Below are lines of data, and only some are wanted. Please repeat exactly those from the line that has "Lemma card_le_omega1_cantor : card_le" through the line that has "(inhabits (fun _ => false)))".

════════════════════

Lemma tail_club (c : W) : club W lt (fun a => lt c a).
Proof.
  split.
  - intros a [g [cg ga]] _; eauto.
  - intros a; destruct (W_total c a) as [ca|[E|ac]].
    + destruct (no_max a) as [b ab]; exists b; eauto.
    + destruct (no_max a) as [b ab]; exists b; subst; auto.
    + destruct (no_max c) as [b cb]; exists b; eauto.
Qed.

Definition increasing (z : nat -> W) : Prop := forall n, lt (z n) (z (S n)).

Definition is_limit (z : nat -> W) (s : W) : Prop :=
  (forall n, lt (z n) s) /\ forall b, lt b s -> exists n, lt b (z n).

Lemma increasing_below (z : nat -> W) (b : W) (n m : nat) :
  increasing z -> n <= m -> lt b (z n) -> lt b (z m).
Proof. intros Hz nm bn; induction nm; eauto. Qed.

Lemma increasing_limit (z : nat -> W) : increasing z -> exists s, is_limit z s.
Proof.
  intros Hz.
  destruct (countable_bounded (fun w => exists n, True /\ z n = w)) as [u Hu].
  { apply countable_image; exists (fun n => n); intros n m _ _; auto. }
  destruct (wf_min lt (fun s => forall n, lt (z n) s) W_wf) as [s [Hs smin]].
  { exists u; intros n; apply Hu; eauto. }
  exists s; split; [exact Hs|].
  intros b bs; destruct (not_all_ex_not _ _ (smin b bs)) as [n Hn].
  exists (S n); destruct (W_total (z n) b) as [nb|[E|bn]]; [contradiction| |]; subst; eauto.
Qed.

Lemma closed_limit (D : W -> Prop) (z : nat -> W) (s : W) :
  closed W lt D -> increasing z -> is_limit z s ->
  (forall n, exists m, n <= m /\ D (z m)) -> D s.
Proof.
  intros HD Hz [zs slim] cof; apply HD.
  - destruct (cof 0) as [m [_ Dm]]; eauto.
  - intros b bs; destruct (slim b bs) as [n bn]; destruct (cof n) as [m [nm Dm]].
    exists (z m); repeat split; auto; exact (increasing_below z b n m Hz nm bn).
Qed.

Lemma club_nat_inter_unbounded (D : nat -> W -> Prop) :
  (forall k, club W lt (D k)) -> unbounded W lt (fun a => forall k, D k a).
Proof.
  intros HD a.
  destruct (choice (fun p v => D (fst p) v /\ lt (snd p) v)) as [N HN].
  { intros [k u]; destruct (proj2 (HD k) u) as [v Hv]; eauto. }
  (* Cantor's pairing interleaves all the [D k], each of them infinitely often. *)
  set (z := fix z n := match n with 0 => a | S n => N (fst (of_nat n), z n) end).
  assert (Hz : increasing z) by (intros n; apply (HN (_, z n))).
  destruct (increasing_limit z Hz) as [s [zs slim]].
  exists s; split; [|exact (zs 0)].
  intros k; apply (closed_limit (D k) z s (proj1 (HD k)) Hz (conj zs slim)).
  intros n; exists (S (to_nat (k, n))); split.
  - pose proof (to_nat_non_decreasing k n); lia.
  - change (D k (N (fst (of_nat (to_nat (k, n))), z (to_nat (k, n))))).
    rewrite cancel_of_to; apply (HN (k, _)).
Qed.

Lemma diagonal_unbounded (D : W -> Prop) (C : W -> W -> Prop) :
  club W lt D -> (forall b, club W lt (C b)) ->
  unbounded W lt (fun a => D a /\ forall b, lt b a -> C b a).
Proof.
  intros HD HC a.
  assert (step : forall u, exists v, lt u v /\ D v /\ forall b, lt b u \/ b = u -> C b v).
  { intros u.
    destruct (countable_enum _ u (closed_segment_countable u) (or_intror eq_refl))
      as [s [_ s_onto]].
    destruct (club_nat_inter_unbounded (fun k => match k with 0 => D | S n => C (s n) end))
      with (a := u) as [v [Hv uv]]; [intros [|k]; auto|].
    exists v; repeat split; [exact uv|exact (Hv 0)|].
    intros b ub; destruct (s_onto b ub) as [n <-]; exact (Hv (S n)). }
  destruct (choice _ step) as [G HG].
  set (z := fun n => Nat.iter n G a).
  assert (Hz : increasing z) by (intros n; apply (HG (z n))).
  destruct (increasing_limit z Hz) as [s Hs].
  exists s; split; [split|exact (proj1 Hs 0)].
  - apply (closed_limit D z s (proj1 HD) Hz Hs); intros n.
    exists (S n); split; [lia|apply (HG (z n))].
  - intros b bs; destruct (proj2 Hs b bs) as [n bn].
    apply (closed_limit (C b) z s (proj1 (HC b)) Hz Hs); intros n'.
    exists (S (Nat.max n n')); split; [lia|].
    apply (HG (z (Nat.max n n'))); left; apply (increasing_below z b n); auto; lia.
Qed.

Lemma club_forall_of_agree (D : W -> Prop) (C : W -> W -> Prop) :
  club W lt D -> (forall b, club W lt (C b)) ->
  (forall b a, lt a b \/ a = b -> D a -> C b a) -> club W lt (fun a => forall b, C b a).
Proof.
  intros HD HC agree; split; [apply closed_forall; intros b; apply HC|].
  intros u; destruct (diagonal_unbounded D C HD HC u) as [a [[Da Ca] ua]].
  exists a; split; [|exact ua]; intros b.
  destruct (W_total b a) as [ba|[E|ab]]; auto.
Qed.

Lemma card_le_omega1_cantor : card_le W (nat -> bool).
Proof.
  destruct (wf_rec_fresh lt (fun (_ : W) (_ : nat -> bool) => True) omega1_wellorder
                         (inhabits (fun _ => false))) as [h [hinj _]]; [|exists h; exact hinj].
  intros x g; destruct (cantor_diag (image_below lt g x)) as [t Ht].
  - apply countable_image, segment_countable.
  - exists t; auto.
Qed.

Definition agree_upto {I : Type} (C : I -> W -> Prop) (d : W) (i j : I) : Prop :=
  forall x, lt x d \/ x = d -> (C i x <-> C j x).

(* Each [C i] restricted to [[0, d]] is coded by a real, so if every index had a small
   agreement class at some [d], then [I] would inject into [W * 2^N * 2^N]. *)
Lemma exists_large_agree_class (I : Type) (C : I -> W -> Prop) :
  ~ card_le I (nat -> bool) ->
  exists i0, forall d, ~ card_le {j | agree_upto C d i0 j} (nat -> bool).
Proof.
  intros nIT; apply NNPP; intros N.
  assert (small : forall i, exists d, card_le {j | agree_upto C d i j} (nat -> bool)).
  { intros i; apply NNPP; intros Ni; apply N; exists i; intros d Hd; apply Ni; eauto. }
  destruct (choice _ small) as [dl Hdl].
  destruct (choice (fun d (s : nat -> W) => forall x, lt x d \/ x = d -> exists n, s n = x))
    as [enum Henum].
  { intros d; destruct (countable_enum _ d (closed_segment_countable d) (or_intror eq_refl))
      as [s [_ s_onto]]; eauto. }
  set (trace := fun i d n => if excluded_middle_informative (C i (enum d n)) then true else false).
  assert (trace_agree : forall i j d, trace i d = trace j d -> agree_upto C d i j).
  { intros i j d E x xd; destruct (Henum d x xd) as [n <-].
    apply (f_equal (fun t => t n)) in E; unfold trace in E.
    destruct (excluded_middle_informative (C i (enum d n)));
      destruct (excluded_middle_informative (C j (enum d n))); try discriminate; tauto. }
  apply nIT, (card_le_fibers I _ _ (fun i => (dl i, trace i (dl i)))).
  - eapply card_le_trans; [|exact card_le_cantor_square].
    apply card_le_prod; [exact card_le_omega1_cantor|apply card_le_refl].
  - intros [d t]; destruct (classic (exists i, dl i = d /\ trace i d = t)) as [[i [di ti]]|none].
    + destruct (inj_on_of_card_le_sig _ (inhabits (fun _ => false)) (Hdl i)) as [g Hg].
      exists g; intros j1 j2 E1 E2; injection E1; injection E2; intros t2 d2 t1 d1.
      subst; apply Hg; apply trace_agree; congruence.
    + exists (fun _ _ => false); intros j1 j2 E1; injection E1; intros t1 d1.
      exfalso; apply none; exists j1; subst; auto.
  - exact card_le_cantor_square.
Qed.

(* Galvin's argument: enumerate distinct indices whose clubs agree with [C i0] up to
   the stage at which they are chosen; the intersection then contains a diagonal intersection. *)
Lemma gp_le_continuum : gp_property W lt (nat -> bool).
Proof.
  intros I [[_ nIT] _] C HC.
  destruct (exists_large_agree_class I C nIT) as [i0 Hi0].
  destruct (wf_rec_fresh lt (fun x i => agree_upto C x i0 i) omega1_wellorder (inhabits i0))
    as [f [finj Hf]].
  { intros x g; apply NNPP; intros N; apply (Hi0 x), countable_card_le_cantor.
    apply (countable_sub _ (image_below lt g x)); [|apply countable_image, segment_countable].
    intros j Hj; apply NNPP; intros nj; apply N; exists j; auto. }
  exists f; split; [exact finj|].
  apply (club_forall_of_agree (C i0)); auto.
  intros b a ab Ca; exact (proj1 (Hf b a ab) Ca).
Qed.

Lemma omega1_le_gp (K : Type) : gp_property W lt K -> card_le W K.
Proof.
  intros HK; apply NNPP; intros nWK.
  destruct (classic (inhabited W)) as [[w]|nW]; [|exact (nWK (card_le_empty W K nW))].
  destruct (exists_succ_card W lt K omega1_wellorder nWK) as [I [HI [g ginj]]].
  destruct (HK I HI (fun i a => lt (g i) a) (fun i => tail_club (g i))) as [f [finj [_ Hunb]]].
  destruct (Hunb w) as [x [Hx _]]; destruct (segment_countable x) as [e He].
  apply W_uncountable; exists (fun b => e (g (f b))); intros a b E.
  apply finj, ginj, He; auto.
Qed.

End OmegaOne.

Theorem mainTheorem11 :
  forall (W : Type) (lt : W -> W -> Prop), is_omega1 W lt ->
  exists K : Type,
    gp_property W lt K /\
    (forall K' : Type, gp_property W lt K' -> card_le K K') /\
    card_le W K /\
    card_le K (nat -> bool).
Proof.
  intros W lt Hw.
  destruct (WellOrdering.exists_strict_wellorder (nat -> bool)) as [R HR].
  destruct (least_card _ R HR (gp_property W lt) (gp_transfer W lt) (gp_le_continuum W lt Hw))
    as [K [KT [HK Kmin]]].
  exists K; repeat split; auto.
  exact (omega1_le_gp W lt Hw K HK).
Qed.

════════════════════

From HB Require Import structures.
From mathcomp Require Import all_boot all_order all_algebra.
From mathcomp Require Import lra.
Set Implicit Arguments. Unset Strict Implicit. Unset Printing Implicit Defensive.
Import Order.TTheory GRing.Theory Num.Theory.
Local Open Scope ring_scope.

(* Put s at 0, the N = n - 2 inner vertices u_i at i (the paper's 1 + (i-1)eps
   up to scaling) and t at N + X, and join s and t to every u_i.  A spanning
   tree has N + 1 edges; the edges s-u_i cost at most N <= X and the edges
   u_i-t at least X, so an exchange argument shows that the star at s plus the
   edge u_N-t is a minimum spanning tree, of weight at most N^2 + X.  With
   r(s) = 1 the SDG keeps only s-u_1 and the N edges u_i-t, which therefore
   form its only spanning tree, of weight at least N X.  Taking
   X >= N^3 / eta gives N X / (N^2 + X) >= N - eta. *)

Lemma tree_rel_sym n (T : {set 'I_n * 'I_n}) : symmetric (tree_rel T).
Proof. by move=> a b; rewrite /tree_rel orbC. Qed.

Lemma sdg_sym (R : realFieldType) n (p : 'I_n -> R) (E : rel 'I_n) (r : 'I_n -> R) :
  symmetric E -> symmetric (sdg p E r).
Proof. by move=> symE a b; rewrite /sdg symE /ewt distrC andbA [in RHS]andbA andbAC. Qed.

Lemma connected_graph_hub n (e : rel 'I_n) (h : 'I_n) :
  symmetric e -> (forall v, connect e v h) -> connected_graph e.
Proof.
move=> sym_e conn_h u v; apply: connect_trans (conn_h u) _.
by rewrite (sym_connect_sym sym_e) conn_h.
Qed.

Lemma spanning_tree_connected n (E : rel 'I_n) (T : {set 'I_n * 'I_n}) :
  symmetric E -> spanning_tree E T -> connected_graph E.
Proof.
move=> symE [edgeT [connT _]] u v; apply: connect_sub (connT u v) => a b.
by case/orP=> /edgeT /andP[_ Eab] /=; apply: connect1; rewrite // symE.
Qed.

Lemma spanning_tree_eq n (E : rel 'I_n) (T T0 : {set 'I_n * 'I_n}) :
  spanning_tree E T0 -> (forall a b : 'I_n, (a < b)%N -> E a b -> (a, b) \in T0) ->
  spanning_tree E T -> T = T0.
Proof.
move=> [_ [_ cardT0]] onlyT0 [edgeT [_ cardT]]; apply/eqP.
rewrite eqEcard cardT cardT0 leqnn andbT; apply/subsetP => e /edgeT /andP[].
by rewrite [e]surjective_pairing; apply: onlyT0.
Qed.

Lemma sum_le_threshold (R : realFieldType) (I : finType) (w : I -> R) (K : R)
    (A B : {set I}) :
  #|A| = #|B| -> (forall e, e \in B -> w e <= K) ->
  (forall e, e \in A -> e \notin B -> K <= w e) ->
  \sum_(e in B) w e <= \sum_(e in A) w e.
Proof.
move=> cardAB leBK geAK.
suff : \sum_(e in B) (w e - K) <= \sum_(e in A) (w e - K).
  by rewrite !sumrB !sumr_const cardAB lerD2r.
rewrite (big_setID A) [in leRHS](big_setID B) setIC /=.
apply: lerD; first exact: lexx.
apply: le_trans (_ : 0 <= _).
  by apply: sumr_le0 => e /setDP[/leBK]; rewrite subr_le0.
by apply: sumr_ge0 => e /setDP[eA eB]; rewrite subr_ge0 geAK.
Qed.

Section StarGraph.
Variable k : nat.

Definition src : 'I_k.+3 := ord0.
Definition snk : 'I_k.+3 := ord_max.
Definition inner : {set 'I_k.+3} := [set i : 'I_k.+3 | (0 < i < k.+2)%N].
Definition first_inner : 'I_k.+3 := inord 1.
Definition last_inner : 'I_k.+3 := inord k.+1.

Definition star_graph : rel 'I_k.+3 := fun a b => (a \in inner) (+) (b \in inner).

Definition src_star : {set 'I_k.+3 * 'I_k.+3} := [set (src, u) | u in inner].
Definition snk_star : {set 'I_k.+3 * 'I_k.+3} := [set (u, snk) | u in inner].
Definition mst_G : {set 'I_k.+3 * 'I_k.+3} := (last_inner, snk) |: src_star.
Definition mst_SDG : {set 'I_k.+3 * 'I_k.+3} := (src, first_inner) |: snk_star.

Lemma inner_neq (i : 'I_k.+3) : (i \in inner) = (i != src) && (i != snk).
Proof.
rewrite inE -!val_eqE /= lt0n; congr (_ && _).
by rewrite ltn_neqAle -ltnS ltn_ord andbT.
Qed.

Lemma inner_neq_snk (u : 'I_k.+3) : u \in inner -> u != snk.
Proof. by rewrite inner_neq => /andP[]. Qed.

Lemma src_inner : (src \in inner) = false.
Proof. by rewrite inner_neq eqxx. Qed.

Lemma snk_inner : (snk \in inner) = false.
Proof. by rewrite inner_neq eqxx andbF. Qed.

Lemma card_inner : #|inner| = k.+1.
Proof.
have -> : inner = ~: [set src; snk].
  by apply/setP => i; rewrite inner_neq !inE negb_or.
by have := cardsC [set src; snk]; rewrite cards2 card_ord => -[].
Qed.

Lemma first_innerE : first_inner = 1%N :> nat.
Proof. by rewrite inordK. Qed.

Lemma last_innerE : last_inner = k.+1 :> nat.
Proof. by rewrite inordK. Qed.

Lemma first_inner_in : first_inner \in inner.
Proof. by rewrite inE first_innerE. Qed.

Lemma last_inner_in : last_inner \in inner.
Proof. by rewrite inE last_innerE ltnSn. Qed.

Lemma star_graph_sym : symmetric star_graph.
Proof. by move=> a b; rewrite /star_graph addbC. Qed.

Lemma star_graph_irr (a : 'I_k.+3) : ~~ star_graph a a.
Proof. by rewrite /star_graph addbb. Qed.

════════════════════

## ANSWER TO THE EXERCISE:
Lemma card_le_omega1_cantor : card_le W (nat -> bool).
Proof.
  destruct (wf_rec_fresh lt (fun (_ : W) (_ : nat -> bool) => True) omega1_wellorder
                         (inhabits (fun _ => false))) as [h [hinj _]]; [|exists h; exact hinj].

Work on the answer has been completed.